Theorem theorem1 (R : realType) (d K : nat)
  (L : nat -> 'cV[R]_d -> R) (gL : nat -> 'cV[R]_d -> 'cV[R]_d)
  (HL : nat -> 'cV[R]_d -> 'M[R]_d)
  (mu rho delta : R)
  (wh : nat -> 'cV[R]_d) (H : nat -> 'M[R]_d)
  (gFt : 'cV[R]_d -> 'cV[R]_d)
  (eta c : R) (w : nat -> 'cV[R]_d) (t : nat) :
  (2 <= K)%N ->
  0 <= mu -> 0 <= rho -> 0 <= delta ->
  (* L_1..L_K twice differentiable, gradients gL k, Hessians HL k *)
  (forall k, (1 <= k <= K)%N -> is_gradient (L k) (gL k) /\ is_hessian (gL k) (HL k)) ->
  (* mu-smooth *)
  (forall k, (1 <= k <= K)%N -> forall u v,
      enorm (gL k u - gL k v) <= mu * enorm (u - v)) ->
  (* rho-Hessian Lipschitz *)
  (forall k, (1 <= k <= K)%N -> forall u v,
      opnorm (HL k u - HL k v) <= rho * enorm (u - v)) ->
  (* H_1..H_{K-1} symmetric approximations *)
  (forall k, (1 <= k <= K.-1)%N ->
      (H k)^T = H k /\ opnorm (H k) <= mu /\
      opnorm (H k - HL k (wh k)) <= delta) ->
  (* gFt is the gradient of F~ *)
  is_gradient
    (fun x => K%:R^-1 *
       ((\sum_(1 <= k < K) (L k (wh k) + dotv (x - wh k) (gL k (wh k))
            + 2^-1 * dotv (x - wh k) (H k *m (x - wh k)))) + L K x))
    gFt ->
  0 < eta ->
  w 0%N = wh K.-1 ->
  (forall s, w s.+1 = w s - eta *: gFt (w s)) ->
  (1 <= t)%N ->
  1 < c ->
  enorm (gFt (w t.-1)) >=
    c / K%:R * \sum_(1 <= k < K)
       (delta * enorm (w t.-1 - wh k) + rho * enorm (w t.-1 - wh k) ^+ 2) ->
  eta <= 2 * (1 - c^-1) / mu ->
  let F := fun x => K%:R^-1 * \sum_(1 <= k < K.+1) L k x in
  F (w t) <= F (w t.-1) - eta * (1 - c^-1 - mu * eta / 2) * enorm (gFt (w t.-1)) ^+ 2.
Proof.
(* Of the hypotheses, [0 <= mu], [0 <= delta], [opnorm (H k) <= mu], the value of [w 0]
   and the step-size bound are not needed; the last one only makes the bound a decrease. *)
move=> K_ge2 _ rho_ge0 _ L_diff gL_lip HL_lip H_approx gFt_grad eta_gt0 _ wS t_ge1 c_gt1
  grad_large _ /=.
have K_gt0 : (0 < K)%N by apply: leq_trans K_ge2.
have idx k : (1 <= k < K)%N -> (1 <= k <= K.-1)%N.
  by case/andP=> k_ge1 k_lt; rewrite k_ge1 -ltnS prednK.
set x := w t.-1 in grad_large *; set g := gFt x in grad_large *.
set G := enorm g in grad_large *.
have -> : w t = x + (- eta) *: g by rewrite -(prednK t_ge1) wS scaleNr.
have descent :=
  avg_loss_descent K_gt0 (fun k k_in => (L_diff k k_in).1) gL_lip x ((- eta) *: g).
have := gradient_error_le K_gt0 rho_ge0 (fun k k_in => (L_diff k k_in).1)
  (fun k k_in => (L_diff k k_in).2) HL_lip (fun k k_in => (H_approx k (idx k k_in)).1)
  (fun k k_in => (H_approx k (idx k k_in)).2.2) gFt_grad x ((- eta) *: g).
rewrite -mulr_suml dotvZr dotvv enormZ normrN gtr0_norm // -/G => err.
set S := \sum_(1 <= k < K) _ in grad_large err.
have S_le : K%:R^-1 * S <= G / c.
  by rewrite ler_pdivlMr ?(lt_trans ltr01) // mulrC mulrA.
have := ler_wpM2r (mulr_ge0 (ltW eta_gt0) (enorm_ge0 g)) S_le.
move: descent err; rewrite /avg_loss enormZ normrN gtr0_norm // -/G; lra.
Qed.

> [DIRECTIONS FOR THIS TASK] In the material above, please count the lines that hold the word "delta" and answer with only that number.

> [EXERCISE OUTPUT] 5